--- Exercise brief ---
Each line from the one containing "Hypotheses (k_allowed : ~~" through the final line of the records is to be repeated exactly, with no additions.

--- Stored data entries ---

────────────────

Lemma utility_liked k W : utility P k W =
  #|liked_in k W|%:R - plam P k * pb P k * #|disliked_in k W|%:R.
Proof.
rewrite /utility (bigID (fun j => in_cl (pp P j) (pl P k) (pr P k))) /=.
rewrite (eq_bigr (fun=> 1)); last by move=> j /andP[_ ->].
rewrite [X in _ + X](eq_bigr (fun=> - (plam P k * pb P k))); last first.
  by move=> j /andP[_ /negbTE ->].
rewrite !sumr_const mulNrn -[X in - X]mulr_natr.
by congr (_%:R - _ * _%:R); apply: eq_card => j; rewrite !inE andbA.
Qed.

Section Step.
Variables (I : window R) (W : {set 'I_n}) (k : 'I_n).
Hypotheses (k_allowed : ~~ banned P I k) (c_ge0 : 0 <= plam P k * pb P k).

Lemma step_join (x y : nat) : (x <= #|liked_in k W|)%N -> (#|disliked_in k W| <= y)%N ->
  plam P k * pb P k * y%:R <= x%:R -> step P I W k = k |: W.
Proof.
move=> xl dy cyx; rewrite /step (negbTE k_allowed) utility_liked subr_ge0 ifT //.
rewrite -(ler_nat R) in xl; rewrite -(ler_nat R) in dy.
by rewrite (le_trans _ xl) // (le_trans _ cyx) // ler_wpM2l.
Qed.

Lemma step_leave (x y : nat) : (#|liked_in k W| <= x)%N -> (y <= #|disliked_in k W|)%N ->
  x%:R < plam P k * pb P k * y%:R -> step P I W k = W :\ k.
Proof.
move=> lx yd xcy; rewrite /step (negbTE k_allowed) utility_liked subr_ge0 ifF //.
rewrite -(ler_nat R) in lx; rewrite -(ler_nat R) in yd.
by apply/negbTE; rewrite -ltNge (le_lt_trans lx) // (lt_le_trans xcy) // ler_wpM2l.
Qed.

End Step.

────────────────

--- Written answer ---
Hypotheses (k_allowed : ~~ banned P I k) (c_ge0 : 0 <= plam P k * pb P k).

Lemma step_join (x y : nat) : (x <= #|liked_in k W|)%N -> (#|disliked_in k W| <= y)%N ->
  plam P k * pb P k * y%:R <= x%:R -> step P I W k = k |: W.
Proof.
move=> xl dy cyx; rewrite /step (negbTE k_allowed) utility_liked subr_ge0 ifT //.
rewrite -(ler_nat R) in xl; rewrite -(ler_nat R) in dy.
by rewrite (le_trans _ xl) // (le_trans _ cyx) // ler_wpM2l.
Qed.

Lemma step_leave (x y : nat) : (#|liked_in k W| <= x)%N -> (y <= #|disliked_in k W|)%N ->
  x%:R < plam P k * pb P k * y%:R -> step P I W k = W :\ k.
Proof.
move=> lx yd xcy; rewrite /step (negbTE k_allowed) utility_liked subr_ge0 ifF //.
rewrite -(ler_nat R) in lx; rewrite -(ler_nat R) in yd.
by apply/negbTE; rewrite -ltNge (le_lt_trans lx) // (lt_le_trans xcy) // ler_wpM2l.
Qed.

End Step.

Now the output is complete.